Exercise goal - Go line by line through the listing below and copy those that hold "Hbest".

=== Section Start ===

Lemma sum_eq0_other (T : eqType) (V : zmodType) (s : seq T) (P : pred T) (F : T -> V) x :
  uniq s -> x \in s -> P x -> F x != 0 -> \sum_(y <- s | P y) F y = 0 ->
  exists y, [/\ y \in s, y != x, P y & F y != 0].
Proof.
move=> s_uniq xs Px Fx; rewrite big_mkcond (bigD1_seq x) //= Px.
have [/hasP [y ys /and3P [yx Py Fy]] _|/hasPn others] :=
  boolP (has (fun y => [&& y != x, P y & F y != 0]) s); first by exists y.
rewrite big1_seq ?addr0 => [Fx0|y /andP [yx ys]]; first by rewrite Fx0 eqxx in Fx.
by case: ifP => // Py; apply/eqP; apply: contraNT (others y ys) => Fy; rewrite yx Py Fy.
Qed.

Lemma size_msupp_elim (K : nzRingType) N (p g : {mpoly K[N]}) m :
  m \in msupp p -> g@_m = 1 -> {subset msupp g <= msupp p} ->
  (size (msupp (p - p@_m *: g)) < size (msupp p))%N.
Proof.
move=> mp gm gp; set q := p - p@_m *: g.
have qp : {subset msupp q <= rem m (msupp p)}.
  move=> y yq; have y_neq_m : y != m.
    by apply: contraTneq yq => ->; rewrite mcoeff_msupp mcoeffB mcoeffZ gm mulr1 subrr eqxx.
  rewrite (rem_filter _ (msupp_uniq p)) mem_filter /= y_neq_m.
  by have := msuppB_le yq; rewrite mem_cat => /orP [// | /msuppZ_le /gp].
have := uniq_leq_size (msupp_uniq q) qp; rewrite size_rem //.
by move/leq_ltn_trans; apply; rewrite ltn_predL; case: (msupp p) mp.
Qed.

Section ToricSn.
Variable n : nat.
Local Notation mn := 'X_{1.. n + n}.
Local Notation lsh i := (lshift n (i : 'I_n)).
Local Notation rsh i := (rshift n (i : 'I_n)).
Implicit Types (m x c : mn) (i k l : 'I_n).

Lemma mnm_split_eq x m : (forall i, x (lsh i) = m (lsh i)) ->
  (forall i, x (rsh i) = m (rsh i)) -> x = m.
Proof.
by move=> eql eqr; apply/mnmP => j; case: (split_ordP j) => i ->; [apply: eql | apply: eqr].
Qed.

Definition top_deg m : nat := \sum_i m (lsh i).

Definition col_deg m i : nat := m (lsh i) + m (rsh i).

Definition same_fiber m x : bool :=
  [forall i, col_deg m i == col_deg x i] && (top_deg m == top_deg x).

(* The monomial [t_(k+1) t_(n+l+1)] in the numbering [t_1, ..., t_(2n)] of the variables. *)
Definition tu k l : mn := (U_(lsh k) + U_(rsh l))%MM.

Lemma tu_lsh k l i : tu k l (lsh i) = (k == i).
Proof. by rewrite mnmDE !mnm1E (inj_eq (@lshift_inj _ _)) eq_rlshift addn0. Qed.

Lemma tu_rsh k l i : tu k l (rsh i) = (l == i).
Proof. by rewrite mnmDE !mnm1E (inj_eq (@rshift_inj _ _)) eq_lrshift. Qed.

Lemma tu_le m k l : (0 < m (lsh k))%N -> (0 < m (rsh l))%N -> (tu k l <= m)%MM.
Proof.
move=> mk ml; apply/mnm_lepP => j; case: (split_ordP j) => i ->.
  by rewrite tu_lsh; case: eqP => // <-.
by rewrite tu_rsh; case: eqP => // <-.
Qed.

Lemma same_fiberP m x : reflect ((forall i, col_deg m i = col_deg x i) /\ top_deg m = top_deg x)
  (same_fiber m x).
Proof.
apply: (iffP andP) => [[/forallP colE /eqP ->]|[colE ->]]; split=> //.
  by move=> i; apply/eqP/colE.
by apply/forallP => i; rewrite colE.
Qed.

Lemma same_fiber_refl m : same_fiber m m.
Proof. exact/same_fiberP. Qed.

Lemma same_fiber_sym m x : same_fiber m x -> same_fiber x m.
Proof. by move/same_fiberP => [colE topE]; apply/same_fiberP; split=> // i; rewrite colE. Qed.

Lemma same_fiber_trans x m y : same_fiber m x -> same_fiber x y -> same_fiber m y.
Proof.
move/same_fiberP=> [colE1 topE1] /same_fiberP [colE2 topE2].
by apply/same_fiberP; split=> [i|]; rewrite ?colE1 ?colE2 ?topE1.
Qed.

Lemma col_degD a b i : col_deg (a + b)%MM i = (col_deg a i + col_deg b i)%N.
Proof. rewrite /col_deg !mnmDE; lia. Qed.

Lemma top_degD a b : top_deg (a + b)%MM = (top_deg a + top_deg b)%N.
Proof. by rewrite /top_deg -big_split; apply: eq_bigr => i _; rewrite mnmDE. Qed.

Lemma same_fiberD a b c : same_fiber a b -> same_fiber (a + c)%MM (b + c)%MM.
Proof.
move/same_fiberP=> [colE topE]; apply/same_fiberP.
by split=> [i|]; rewrite ?col_degD ?top_degD ?colE ?topE.
Qed.

Lemma top_deg_tu k l : top_deg (tu k l) = 1%N.
Proof.
rewrite /top_deg (eq_bigr _ (fun i _ => tu_lsh k l i)) (bigD1 k) //= eqxx big1 // => i.
by rewrite eq_sym => /negbTE ->.
Qed.

Lemma same_fiber_swap c k l : same_fiber (c + tu k l)%MM (c + tu l k)%MM.
Proof.
rewrite ![(c + _)%MM]addmC; apply: same_fiberD; apply/same_fiberP.
split; last by rewrite !top_deg_tu.
by move=> i; rewrite /col_deg !tu_lsh !tu_rsh addnC.
Qed.

Lemma swap_split m k l : (0 < m (lsh k))%N -> (0 < m (rsh l))%N ->
  same_fiber (m - tu k l + tu l k)%MM m.
Proof. by move=> mk ml; rewrite -{2}(submK (tu_le mk ml)) same_fiber_sym ?same_fiber_swap. Qed.
Lemma subcarrier_vertex_optimum n : exists m z, 0 <= fst z /\ 0 <= snd z /\
  forall p q, sub_feasible p q -> subcarrier_term n p q <= subcarrier_term n (vertex m) (vertex_power m z).
Proof.
  destruct (choice _ (mode_optimum n)) as [zopt Hzopt].
  set (V := fun m => util (mode_utility n m) (fst (zopt m)) (snd (zopt m))).
  destruct (list_argmax V (Direct UA) (tl modes)) as [m [_ Hbest]].
  destruct (Hzopt m) as [Hx [Hy [Hrepr _]]].
  exists m, (zopt m). split; [exact Hx | split; [exact Hy |]].
  intros p q Hpq. rewrite vertex_value, Hrepr.
  apply subcarrier_term_le; [| | exact Hpq].
  - rewrite <- (util_origin (mode_utility n m)). apply (Hzopt m); lra.
  - intros m' a b Ha Hb. eapply Rle_trans; [apply (Hzopt m'); assumption |].
    apply (Hbest m'), modes_complete.
Qed.
End Subcarrier.

Theorem proposition2 (N : nat) (g : gain)
  (w r mu lb1 lc1 alpha P : user -> R) (lAB aR PR : R) :
  (forall j j' n, 0 <= g j j' n) ->
  (forall k, 0 <= w k) -> (forall k, 0 <= r k) ->
  (forall k, 0 < P k) -> 0 < PR ->
  (forall k, 0 <= lb1 k) -> (forall k, 0 <= lc1 k) -> 0 <= lAB ->
  (forall k, 0 <= mu k) ->
  (forall k, 0 < alpha k) -> 0 < aR ->
  (forall k, 0 <= w k + mu k - lb1 k) ->
  (forall k, 0 <= w k + mu k - lc1 k - lAB) ->
  exists (rho : nat -> assign) (s : nat -> power),
    feasible N rho s /\
    (forall n, (n < N)%nat -> Forall (fun x => x = 0 \/ x = 1) (entries (rho n))) /\
    (forall rho' s', feasible N rho' s' ->
       lagr N g w mu lb1 lc1 lAB alpha aR P PR r rho' s'
       <= lagr N g w mu lb1 lc1 lAB alpha aR P PR r rho s).
Proof.
  intros Hg Hw _ _ _ Hlb Hlc HAB Hmu Halpha HaR Hrelay Hxi.
  assert (Hdirect : forall k, 0 <= w k + mu k) by (intros k; specialize (Hw k); specialize (Hmu k); lra).
  assert (Hvertex : forall n, exists v : mode * (R * R),
    0 <= fst (snd v) /\ 0 <= snd (snd v) /\
    forall p q, sub_feasible p q -> subcarrier_term g w mu lb1 lc1 alpha lAB aR n p q
      <= subcarrier_term g w mu lb1 lc1 alpha lAB aR n (vertex (fst v)) (vertex_power (fst v) (snd v))).
  { intros n. destruct (subcarrier_vertex_optimum g w mu lb1 lc1 alpha lAB aR
                          Hg Hdirect Hlb Hrelay Hlc HAB Hxi Halpha HaR n) as [m [z Hmz]].
    exists (m, z). exact Hmz. }
  destruct (choice _ Hvertex) as [opt Hopt].
  exists (fun n => vertex (fst (opt n))), (fun n => vertex_power (fst (opt n)) (snd (opt n))).
  split; [| split].
  - intros n _. destruct (Hopt n) as [Hx [Hy _]]. exact (vertex_feasible _ _ Hx Hy).
  - intros n _. apply vertex_binary.
  - intros rho' s' Hfeas. rewrite !lagr_decomp. apply Rplus_le_compat_l, sumN_le.
    intros n Hn. apply (Hopt n), (Hfeas n Hn).
Qed.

=== Section End ===

Your solution -
  destruct (list_argmax V (Direct UA) (tl modes)) as [m [_ Hbest]].
    apply (Hbest m'), modes_complete.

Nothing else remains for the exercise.